** Opening RECORDS FOR THE EXERCISE block **

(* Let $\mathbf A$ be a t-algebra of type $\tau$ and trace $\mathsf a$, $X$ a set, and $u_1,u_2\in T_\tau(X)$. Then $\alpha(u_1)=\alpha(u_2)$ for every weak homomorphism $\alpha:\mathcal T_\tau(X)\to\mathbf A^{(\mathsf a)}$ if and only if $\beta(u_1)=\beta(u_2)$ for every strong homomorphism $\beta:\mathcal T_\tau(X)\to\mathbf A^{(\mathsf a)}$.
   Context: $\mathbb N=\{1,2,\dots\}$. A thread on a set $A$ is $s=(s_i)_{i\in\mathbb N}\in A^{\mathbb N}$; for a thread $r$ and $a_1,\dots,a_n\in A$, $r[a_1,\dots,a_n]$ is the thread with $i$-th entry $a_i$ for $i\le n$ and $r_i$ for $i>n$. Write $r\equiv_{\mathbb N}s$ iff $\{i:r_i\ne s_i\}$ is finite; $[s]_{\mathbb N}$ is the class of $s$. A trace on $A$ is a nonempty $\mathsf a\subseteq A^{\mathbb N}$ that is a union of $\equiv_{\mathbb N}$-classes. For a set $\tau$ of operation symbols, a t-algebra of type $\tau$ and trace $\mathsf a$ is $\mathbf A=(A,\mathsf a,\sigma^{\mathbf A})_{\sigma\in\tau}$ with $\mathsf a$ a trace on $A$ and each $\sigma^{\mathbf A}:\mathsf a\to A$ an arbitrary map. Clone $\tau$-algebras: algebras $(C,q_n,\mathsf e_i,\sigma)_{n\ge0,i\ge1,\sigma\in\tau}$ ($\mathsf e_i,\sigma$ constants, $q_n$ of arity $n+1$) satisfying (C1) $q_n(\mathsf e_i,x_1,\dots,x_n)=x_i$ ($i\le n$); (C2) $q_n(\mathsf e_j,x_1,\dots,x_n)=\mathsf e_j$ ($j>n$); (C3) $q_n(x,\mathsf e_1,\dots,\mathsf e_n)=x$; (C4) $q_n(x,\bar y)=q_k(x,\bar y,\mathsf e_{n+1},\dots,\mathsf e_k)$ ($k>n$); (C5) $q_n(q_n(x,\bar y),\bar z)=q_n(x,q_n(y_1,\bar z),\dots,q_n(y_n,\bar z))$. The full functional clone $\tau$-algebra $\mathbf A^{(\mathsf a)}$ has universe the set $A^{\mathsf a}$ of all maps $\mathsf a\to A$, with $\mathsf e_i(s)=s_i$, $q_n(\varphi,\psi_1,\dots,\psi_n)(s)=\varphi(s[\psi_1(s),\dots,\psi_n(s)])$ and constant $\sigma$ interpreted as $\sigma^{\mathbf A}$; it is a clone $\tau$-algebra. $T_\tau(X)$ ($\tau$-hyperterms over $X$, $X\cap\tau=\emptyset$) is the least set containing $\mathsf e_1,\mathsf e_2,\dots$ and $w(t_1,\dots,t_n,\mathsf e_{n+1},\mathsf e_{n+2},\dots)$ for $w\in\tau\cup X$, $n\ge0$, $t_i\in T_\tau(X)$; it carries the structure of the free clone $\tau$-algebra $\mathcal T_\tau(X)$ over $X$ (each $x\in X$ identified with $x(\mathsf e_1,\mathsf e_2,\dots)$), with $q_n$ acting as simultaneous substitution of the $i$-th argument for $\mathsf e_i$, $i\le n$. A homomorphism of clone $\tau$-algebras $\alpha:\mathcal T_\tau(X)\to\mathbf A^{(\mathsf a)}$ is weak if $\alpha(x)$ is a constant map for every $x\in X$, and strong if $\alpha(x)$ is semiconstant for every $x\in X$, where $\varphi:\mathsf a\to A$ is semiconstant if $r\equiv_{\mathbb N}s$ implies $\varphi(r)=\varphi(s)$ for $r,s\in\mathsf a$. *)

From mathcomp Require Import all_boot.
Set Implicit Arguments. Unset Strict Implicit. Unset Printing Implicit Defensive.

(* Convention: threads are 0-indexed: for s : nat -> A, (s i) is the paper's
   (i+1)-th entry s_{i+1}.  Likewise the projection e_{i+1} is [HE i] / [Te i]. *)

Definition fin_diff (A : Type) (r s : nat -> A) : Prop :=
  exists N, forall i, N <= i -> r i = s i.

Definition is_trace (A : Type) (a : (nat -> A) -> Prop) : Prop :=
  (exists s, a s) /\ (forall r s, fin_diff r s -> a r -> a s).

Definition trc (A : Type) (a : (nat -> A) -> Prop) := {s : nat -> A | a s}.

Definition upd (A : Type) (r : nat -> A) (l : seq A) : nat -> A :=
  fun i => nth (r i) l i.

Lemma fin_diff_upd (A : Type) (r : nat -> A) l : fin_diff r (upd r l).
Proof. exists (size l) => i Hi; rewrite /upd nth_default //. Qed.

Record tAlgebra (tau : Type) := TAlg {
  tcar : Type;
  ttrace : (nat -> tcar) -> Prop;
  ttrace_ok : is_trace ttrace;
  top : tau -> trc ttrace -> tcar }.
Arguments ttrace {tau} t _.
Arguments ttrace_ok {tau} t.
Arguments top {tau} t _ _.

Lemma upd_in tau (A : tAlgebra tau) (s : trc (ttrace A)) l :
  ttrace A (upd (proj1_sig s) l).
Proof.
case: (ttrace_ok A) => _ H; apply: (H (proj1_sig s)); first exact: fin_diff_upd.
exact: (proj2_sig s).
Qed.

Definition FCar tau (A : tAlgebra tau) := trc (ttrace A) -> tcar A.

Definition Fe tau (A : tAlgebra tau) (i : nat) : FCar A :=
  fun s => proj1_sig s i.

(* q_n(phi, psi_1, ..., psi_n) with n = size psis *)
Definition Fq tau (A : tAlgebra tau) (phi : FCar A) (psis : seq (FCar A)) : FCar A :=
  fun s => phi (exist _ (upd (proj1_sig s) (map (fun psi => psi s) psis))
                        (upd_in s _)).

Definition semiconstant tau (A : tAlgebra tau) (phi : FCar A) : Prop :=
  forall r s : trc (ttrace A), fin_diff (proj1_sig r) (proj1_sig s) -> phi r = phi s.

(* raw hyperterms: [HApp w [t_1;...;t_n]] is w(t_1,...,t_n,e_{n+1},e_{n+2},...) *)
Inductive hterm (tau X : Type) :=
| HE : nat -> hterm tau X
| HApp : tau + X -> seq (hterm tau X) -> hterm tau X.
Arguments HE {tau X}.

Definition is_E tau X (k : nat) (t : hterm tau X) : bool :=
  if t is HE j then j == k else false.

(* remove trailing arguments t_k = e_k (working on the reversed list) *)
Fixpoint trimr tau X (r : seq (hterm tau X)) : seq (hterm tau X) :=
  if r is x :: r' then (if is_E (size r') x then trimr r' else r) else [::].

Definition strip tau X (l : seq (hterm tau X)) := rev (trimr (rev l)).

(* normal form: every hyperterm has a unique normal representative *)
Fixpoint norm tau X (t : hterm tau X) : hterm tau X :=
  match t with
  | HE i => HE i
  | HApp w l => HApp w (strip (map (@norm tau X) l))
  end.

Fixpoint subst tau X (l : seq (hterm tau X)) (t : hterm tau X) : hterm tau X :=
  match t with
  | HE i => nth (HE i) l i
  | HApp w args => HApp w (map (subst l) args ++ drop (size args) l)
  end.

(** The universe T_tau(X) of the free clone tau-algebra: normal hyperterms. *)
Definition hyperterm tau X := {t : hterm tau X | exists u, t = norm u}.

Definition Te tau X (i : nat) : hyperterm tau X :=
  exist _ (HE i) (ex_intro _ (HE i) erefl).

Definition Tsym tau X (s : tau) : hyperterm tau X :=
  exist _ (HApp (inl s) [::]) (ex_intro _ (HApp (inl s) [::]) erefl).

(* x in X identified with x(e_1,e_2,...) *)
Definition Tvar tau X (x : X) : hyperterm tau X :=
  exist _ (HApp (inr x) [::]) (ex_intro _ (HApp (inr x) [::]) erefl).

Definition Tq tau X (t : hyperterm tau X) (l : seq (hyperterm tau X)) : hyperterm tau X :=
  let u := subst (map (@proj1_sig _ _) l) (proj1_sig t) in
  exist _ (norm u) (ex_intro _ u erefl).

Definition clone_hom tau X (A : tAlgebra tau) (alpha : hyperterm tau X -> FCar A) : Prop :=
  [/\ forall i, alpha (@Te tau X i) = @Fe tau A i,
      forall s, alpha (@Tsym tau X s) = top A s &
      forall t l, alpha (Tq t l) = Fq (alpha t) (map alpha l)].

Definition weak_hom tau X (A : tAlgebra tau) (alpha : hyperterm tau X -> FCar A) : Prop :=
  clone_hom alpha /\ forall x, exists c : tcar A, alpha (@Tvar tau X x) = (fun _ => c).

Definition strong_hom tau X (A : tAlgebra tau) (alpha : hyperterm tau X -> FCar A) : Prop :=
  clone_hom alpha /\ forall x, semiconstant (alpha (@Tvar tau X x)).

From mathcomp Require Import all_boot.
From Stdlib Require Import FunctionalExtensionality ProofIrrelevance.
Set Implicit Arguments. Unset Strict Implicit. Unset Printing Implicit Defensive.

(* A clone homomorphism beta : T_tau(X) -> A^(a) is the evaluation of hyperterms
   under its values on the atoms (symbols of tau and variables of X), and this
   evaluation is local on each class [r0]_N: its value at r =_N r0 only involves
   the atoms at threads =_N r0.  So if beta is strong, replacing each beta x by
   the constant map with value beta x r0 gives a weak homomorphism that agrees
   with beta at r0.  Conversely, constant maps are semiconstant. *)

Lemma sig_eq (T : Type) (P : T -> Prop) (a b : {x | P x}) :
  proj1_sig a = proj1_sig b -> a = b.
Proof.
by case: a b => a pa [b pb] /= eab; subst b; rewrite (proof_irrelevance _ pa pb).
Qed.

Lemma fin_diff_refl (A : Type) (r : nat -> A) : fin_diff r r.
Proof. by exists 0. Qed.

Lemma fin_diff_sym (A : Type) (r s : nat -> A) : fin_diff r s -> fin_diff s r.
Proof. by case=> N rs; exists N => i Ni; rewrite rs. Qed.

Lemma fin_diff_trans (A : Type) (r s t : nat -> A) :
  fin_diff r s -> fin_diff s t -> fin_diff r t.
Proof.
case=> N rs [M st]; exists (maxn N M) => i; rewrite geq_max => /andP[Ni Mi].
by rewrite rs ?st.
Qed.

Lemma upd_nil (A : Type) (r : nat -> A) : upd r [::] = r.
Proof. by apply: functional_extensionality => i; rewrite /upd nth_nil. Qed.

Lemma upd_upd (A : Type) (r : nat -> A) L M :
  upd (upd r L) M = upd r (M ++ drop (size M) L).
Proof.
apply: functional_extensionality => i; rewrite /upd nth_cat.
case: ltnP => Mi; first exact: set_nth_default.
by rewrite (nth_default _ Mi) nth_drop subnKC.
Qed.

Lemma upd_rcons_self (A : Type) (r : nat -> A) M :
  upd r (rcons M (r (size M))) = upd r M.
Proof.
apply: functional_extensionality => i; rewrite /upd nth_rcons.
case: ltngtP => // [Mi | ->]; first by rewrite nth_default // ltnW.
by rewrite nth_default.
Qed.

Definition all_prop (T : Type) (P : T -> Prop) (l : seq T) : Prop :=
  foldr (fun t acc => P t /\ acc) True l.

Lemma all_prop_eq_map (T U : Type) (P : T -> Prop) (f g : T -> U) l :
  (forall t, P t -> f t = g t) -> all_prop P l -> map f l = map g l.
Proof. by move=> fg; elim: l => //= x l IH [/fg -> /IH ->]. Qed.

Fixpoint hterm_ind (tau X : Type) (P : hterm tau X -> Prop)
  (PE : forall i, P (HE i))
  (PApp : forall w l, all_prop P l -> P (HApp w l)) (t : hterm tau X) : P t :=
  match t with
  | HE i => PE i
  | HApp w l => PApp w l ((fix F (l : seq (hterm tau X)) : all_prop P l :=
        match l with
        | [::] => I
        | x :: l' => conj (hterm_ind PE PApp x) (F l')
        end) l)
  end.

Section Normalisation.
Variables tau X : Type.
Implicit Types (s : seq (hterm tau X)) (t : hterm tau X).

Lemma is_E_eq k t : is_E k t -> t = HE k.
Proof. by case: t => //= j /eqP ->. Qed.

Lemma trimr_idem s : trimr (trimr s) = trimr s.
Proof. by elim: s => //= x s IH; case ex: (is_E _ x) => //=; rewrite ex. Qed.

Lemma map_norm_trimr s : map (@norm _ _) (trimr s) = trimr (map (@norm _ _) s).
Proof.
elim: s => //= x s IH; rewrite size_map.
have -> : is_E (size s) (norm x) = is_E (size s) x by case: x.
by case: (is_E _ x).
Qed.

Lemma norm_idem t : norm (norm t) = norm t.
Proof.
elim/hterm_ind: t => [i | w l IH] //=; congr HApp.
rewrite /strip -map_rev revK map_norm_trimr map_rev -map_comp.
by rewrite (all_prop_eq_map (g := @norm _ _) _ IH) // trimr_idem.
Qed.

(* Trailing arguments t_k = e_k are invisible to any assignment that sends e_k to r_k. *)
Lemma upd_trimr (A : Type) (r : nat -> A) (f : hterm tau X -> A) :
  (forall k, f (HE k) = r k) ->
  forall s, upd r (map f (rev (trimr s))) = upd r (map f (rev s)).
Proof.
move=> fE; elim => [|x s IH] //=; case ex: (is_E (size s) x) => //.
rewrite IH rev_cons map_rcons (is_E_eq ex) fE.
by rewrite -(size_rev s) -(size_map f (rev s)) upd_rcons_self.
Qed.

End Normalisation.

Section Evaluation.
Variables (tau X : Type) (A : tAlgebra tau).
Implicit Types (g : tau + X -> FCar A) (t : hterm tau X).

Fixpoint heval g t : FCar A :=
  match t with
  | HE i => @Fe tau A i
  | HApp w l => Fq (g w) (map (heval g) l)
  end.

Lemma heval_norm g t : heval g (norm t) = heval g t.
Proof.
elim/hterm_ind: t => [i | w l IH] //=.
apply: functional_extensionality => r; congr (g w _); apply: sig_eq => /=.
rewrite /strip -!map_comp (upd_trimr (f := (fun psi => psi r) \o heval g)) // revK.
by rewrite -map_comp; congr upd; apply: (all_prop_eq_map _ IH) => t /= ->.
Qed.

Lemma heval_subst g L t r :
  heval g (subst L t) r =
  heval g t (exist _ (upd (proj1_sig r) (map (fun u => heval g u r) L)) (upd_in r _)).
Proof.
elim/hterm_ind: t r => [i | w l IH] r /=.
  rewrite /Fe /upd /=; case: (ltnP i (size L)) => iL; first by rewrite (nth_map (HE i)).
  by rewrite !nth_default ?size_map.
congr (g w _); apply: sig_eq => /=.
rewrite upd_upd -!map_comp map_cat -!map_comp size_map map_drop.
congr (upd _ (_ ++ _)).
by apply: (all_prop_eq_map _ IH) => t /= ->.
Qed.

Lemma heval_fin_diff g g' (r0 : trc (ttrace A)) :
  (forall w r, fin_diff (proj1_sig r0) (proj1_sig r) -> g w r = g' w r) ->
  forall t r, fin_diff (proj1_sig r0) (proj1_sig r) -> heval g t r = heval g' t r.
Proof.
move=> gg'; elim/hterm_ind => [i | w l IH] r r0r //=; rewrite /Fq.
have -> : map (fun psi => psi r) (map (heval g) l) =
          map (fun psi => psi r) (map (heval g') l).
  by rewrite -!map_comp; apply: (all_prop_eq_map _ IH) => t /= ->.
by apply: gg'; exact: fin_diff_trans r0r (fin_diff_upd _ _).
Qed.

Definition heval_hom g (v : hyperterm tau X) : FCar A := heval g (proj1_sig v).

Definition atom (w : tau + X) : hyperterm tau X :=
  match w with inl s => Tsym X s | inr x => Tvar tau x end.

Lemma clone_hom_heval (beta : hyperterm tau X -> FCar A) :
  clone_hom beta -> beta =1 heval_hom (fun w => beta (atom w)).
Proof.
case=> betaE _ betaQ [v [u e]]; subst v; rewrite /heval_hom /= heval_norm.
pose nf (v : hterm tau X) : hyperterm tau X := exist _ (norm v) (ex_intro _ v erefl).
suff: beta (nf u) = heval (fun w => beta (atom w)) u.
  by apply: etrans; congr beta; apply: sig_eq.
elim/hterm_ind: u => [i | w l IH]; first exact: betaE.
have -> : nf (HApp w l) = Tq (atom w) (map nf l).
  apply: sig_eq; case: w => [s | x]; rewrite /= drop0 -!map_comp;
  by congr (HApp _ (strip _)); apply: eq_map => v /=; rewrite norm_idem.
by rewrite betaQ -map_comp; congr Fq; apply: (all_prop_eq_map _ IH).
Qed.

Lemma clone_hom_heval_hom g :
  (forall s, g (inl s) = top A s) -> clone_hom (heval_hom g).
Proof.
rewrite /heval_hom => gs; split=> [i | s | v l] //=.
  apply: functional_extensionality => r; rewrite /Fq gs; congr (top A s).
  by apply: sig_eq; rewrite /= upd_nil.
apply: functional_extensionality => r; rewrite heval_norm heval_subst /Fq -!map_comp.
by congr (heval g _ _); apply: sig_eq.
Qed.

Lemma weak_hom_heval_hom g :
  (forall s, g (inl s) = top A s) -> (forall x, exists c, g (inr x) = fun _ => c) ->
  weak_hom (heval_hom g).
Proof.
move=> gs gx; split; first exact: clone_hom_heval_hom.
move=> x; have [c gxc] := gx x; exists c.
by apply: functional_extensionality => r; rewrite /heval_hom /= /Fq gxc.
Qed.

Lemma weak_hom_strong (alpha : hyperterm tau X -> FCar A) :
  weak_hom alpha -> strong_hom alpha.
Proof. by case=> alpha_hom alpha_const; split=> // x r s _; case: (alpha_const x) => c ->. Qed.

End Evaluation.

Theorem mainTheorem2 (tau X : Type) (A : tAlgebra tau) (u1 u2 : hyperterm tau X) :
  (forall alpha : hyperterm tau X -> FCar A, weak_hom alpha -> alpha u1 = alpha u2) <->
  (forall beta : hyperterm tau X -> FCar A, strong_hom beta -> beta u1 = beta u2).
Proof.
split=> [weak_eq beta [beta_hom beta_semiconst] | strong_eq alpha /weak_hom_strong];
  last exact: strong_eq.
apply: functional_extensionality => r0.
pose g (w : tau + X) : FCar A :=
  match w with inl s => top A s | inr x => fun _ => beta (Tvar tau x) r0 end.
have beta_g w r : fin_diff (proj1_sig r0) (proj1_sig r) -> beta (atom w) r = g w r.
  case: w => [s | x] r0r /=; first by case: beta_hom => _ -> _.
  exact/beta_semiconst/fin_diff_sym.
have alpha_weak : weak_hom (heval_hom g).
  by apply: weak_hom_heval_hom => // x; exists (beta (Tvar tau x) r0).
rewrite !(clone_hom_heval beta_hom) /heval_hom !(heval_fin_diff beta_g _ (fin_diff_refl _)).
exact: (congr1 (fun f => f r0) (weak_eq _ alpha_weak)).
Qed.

** Closing RECORDS FOR THE EXERCISE block **

WHAT THE TASK REQUIRES:
Show all lines in the records above that hold "tAlgebra".

TASK ANSWER:
Record tAlgebra (tau : Type) := TAlg {
Lemma upd_in tau (A : tAlgebra tau) (s : trc (ttrace A)) l :
Definition FCar tau (A : tAlgebra tau) := trc (ttrace A) -> tcar A.
Definition Fe tau (A : tAlgebra tau) (i : nat) : FCar A :=
Definition Fq tau (A : tAlgebra tau) (phi : FCar A) (psis : seq (FCar A)) : FCar A :=
Definition semiconstant tau (A : tAlgebra tau) (phi : FCar A) : Prop :=
Definition clone_hom tau X (A : tAlgebra tau) (alpha : hyperterm tau X -> FCar A) : Prop :=
Definition weak_hom tau X (A : tAlgebra tau) (alpha : hyperterm tau X -> FCar A) : Prop :=
Definition strong_hom tau X (A : tAlgebra tau) (alpha : hyperterm tau X -> FCar A) : Prop :=
Variables (tau X : Type) (A : tAlgebra tau).
Theorem mainTheorem2 (tau X : Type) (A : tAlgebra tau) (u1 u2 : hyperterm tau X) :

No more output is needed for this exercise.